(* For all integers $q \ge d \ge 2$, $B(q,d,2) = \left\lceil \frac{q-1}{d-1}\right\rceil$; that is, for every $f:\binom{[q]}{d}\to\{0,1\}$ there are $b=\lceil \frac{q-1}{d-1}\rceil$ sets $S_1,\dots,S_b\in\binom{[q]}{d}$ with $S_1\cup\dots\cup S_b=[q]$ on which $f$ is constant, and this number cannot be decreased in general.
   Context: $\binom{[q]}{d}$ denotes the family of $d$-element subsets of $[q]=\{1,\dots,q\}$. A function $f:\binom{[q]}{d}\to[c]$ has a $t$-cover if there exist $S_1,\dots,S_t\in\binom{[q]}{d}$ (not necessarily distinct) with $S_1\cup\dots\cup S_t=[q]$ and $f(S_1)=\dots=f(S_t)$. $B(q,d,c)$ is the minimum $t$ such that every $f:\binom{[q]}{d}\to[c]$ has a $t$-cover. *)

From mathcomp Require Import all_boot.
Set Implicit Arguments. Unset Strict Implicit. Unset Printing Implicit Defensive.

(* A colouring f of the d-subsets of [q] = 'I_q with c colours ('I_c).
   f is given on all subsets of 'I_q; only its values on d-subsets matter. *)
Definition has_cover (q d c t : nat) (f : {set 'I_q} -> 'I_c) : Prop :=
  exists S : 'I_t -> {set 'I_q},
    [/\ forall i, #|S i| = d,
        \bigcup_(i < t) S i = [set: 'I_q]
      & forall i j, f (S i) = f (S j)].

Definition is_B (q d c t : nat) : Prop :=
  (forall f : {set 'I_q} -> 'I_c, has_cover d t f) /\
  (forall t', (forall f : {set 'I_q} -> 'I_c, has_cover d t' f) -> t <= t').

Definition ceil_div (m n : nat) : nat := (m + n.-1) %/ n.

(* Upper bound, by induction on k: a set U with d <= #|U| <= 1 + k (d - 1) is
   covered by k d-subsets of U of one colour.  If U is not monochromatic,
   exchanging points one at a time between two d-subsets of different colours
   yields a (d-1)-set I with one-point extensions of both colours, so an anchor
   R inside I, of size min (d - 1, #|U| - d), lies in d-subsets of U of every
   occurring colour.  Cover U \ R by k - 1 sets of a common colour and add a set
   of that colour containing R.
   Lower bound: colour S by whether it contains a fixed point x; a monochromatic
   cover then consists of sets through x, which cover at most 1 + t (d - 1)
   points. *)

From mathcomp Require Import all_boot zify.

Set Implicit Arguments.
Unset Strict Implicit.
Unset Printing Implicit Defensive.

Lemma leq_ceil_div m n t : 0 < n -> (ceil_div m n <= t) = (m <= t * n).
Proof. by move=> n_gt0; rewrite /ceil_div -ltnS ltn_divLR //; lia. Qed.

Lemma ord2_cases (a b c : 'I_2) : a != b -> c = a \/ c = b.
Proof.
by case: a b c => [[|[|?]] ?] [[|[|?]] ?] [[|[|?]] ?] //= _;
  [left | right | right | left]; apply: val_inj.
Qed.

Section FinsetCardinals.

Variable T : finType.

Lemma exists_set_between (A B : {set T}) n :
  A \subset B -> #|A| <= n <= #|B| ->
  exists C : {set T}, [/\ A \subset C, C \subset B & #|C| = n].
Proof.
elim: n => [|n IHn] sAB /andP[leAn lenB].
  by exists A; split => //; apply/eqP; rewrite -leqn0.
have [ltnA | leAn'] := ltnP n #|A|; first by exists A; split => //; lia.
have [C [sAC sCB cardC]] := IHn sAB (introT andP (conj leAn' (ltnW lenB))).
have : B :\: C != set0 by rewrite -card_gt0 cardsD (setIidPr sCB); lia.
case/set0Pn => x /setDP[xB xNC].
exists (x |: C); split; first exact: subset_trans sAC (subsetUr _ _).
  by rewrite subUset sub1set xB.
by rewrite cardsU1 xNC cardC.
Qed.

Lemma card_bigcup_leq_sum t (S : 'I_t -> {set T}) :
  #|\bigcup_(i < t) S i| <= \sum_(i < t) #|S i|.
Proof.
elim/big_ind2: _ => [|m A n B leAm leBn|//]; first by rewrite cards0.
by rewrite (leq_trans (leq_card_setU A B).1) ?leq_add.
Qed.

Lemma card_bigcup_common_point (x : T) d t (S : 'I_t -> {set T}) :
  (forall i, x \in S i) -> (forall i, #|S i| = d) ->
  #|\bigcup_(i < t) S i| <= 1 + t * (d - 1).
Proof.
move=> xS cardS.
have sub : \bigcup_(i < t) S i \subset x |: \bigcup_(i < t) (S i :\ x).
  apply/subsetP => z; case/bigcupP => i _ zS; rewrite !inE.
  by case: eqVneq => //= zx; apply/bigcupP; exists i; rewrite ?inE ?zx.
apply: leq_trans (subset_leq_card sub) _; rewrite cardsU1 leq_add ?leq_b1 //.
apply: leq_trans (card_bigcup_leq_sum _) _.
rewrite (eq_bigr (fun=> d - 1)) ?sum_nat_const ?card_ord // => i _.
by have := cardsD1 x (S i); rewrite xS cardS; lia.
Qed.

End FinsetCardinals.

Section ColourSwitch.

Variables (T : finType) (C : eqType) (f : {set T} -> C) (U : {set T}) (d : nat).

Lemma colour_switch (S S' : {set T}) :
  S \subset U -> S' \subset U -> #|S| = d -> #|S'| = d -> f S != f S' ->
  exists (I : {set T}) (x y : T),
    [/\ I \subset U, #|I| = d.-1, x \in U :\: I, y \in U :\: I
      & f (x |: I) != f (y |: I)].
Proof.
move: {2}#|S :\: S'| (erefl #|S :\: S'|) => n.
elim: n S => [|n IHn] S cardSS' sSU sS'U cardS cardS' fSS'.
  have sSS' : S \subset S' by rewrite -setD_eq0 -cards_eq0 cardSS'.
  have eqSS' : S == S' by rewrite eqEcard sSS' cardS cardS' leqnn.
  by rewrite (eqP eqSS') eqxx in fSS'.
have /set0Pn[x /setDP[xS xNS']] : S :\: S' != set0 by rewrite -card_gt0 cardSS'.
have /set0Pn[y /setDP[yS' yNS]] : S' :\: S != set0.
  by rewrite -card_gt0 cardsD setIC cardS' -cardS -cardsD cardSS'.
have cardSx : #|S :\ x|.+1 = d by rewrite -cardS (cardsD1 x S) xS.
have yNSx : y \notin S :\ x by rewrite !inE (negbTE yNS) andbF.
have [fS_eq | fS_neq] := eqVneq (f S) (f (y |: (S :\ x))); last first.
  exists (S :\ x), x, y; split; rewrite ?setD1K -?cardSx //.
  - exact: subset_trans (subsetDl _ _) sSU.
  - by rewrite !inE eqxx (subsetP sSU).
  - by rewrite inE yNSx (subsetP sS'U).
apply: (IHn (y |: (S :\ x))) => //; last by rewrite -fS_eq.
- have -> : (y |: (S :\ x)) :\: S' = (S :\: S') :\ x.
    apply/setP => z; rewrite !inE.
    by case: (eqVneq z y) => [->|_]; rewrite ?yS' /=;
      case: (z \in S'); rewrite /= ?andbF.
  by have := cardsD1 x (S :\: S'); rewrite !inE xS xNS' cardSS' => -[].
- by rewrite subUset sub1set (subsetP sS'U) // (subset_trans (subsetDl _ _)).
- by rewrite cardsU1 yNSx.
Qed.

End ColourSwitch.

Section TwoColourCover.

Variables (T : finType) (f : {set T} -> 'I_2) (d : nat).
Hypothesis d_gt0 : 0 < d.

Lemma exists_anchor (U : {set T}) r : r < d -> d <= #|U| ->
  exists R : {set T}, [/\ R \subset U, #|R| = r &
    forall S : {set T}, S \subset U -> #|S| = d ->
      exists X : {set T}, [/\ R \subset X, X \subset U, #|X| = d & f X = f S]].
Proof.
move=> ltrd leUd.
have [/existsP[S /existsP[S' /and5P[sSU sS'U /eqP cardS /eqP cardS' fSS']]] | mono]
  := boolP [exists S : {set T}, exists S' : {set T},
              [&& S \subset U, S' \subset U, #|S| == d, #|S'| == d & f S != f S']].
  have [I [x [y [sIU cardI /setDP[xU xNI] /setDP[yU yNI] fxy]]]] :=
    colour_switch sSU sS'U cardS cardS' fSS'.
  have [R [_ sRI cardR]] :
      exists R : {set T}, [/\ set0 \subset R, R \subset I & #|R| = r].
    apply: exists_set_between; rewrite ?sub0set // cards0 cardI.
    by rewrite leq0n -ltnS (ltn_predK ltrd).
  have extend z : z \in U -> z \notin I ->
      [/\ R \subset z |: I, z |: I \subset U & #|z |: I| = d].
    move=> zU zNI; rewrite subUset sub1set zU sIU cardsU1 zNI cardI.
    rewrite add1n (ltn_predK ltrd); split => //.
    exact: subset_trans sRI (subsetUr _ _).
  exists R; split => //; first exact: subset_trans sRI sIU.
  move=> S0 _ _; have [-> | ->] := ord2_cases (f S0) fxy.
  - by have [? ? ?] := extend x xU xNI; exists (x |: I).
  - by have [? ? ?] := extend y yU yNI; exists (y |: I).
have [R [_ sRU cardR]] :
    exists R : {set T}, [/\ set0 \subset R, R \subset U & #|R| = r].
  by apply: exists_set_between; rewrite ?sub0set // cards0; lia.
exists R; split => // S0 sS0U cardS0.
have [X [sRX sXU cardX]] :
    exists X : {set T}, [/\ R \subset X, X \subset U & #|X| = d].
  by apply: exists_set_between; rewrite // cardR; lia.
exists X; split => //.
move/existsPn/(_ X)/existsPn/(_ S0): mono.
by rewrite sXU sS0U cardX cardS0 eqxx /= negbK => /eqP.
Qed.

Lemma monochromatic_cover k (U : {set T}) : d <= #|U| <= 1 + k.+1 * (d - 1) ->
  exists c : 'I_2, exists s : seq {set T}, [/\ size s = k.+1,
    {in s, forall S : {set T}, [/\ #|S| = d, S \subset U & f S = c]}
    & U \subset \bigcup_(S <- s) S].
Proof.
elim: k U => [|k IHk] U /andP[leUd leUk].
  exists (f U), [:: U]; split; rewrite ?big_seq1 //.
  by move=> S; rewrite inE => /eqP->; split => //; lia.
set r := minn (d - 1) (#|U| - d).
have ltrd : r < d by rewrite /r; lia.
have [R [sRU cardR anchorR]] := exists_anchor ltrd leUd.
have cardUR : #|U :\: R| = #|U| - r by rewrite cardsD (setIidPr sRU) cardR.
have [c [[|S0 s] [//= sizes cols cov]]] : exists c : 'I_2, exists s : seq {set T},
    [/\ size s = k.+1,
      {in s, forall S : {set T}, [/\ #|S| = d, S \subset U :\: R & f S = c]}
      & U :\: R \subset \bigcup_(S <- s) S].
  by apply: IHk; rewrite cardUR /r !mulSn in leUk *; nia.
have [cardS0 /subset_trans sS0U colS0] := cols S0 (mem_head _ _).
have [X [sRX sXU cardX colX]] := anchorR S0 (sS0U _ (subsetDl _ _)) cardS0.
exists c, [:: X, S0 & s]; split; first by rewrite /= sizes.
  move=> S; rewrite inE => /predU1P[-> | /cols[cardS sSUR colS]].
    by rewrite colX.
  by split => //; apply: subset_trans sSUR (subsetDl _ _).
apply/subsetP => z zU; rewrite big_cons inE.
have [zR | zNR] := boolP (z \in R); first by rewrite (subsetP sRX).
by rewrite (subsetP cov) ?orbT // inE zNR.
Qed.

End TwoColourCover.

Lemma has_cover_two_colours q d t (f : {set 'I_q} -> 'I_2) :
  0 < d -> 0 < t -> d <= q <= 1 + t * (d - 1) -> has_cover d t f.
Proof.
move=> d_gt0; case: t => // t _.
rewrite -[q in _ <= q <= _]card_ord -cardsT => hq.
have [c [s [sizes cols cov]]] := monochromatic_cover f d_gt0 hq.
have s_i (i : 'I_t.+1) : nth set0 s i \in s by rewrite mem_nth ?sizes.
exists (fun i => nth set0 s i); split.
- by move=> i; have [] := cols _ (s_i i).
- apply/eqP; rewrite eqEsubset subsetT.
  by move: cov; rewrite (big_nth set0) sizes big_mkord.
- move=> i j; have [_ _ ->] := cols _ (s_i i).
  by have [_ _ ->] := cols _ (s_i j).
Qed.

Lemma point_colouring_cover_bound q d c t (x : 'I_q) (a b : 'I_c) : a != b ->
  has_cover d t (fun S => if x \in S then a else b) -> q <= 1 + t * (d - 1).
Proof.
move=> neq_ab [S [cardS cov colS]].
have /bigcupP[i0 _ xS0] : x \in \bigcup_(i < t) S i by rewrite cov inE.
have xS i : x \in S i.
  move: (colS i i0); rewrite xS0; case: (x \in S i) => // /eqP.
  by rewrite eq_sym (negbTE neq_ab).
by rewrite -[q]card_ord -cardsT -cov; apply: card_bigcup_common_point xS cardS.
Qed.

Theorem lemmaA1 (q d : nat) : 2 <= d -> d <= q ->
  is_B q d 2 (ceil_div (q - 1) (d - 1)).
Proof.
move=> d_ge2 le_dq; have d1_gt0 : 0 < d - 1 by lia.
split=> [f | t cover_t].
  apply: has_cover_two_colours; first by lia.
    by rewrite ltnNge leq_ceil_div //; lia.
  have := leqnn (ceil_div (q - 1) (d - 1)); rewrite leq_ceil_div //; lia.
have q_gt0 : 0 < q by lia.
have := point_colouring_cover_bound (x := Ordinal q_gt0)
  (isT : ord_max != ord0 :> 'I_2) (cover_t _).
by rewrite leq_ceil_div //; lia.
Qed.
════
#### [Your task]
Take the stretch of lines above from the one containing "have cardUR : #|U" through the one containing "- move=> i j;" and repeat it exactly, adding no other line.

#### [Answer area]
have cardUR : #|U :\: R| = #|U| - r by rewrite cardsD (setIidPr sRU) cardR.
have [c [[|S0 s] [//= sizes cols cov]]] : exists c : 'I_2, exists s : seq {set T},
    [/\ size s = k.+1,
      {in s, forall S : {set T}, [/\ #|S| = d, S \subset U :\: R & f S = c]}
      & U :\: R \subset \bigcup_(S <- s) S].
  by apply: IHk; rewrite cardUR /r !mulSn in leUk *; nia.
have [cardS0 /subset_trans sS0U colS0] := cols S0 (mem_head _ _).
have [X [sRX sXU cardX colX]] := anchorR S0 (sS0U _ (subsetDl _ _)) cardS0.
exists c, [:: X, S0 & s]; split; first by rewrite /= sizes.
  move=> S; rewrite inE => /predU1P[-> | /cols[cardS sSUR colS]].
    by rewrite colX.
  by split => //; apply: subset_trans sSUR (subsetDl _ _).
apply/subsetP => z zU; rewrite big_cons inE.
have [zR | zNR] := boolP (z \in R); first by rewrite (subsetP sRX).
by rewrite (subsetP cov) ?orbT // inE zNR.
Qed.

End TwoColourCover.

Lemma has_cover_two_colours q d t (f : {set 'I_q} -> 'I_2) :
  0 < d -> 0 < t -> d <= q <= 1 + t * (d - 1) -> has_cover d t f.
Proof.
move=> d_gt0; case: t => // t _.
rewrite -[q in _ <= q <= _]card_ord -cardsT => hq.
have [c [s [sizes cols cov]]] := monochromatic_cover f d_gt0 hq.
have s_i (i : 'I_t.+1) : nth set0 s i \in s by rewrite mem_nth ?sizes.
exists (fun i => nth set0 s i); split.
- by move=> i; have [] := cols _ (s_i i).
- apply/eqP; rewrite eqEsubset subsetT.
  by move: cov; rewrite (big_nth set0) sizes big_mkord.
- move=> i j; have [_ _ ->] := cols _ (s_i i).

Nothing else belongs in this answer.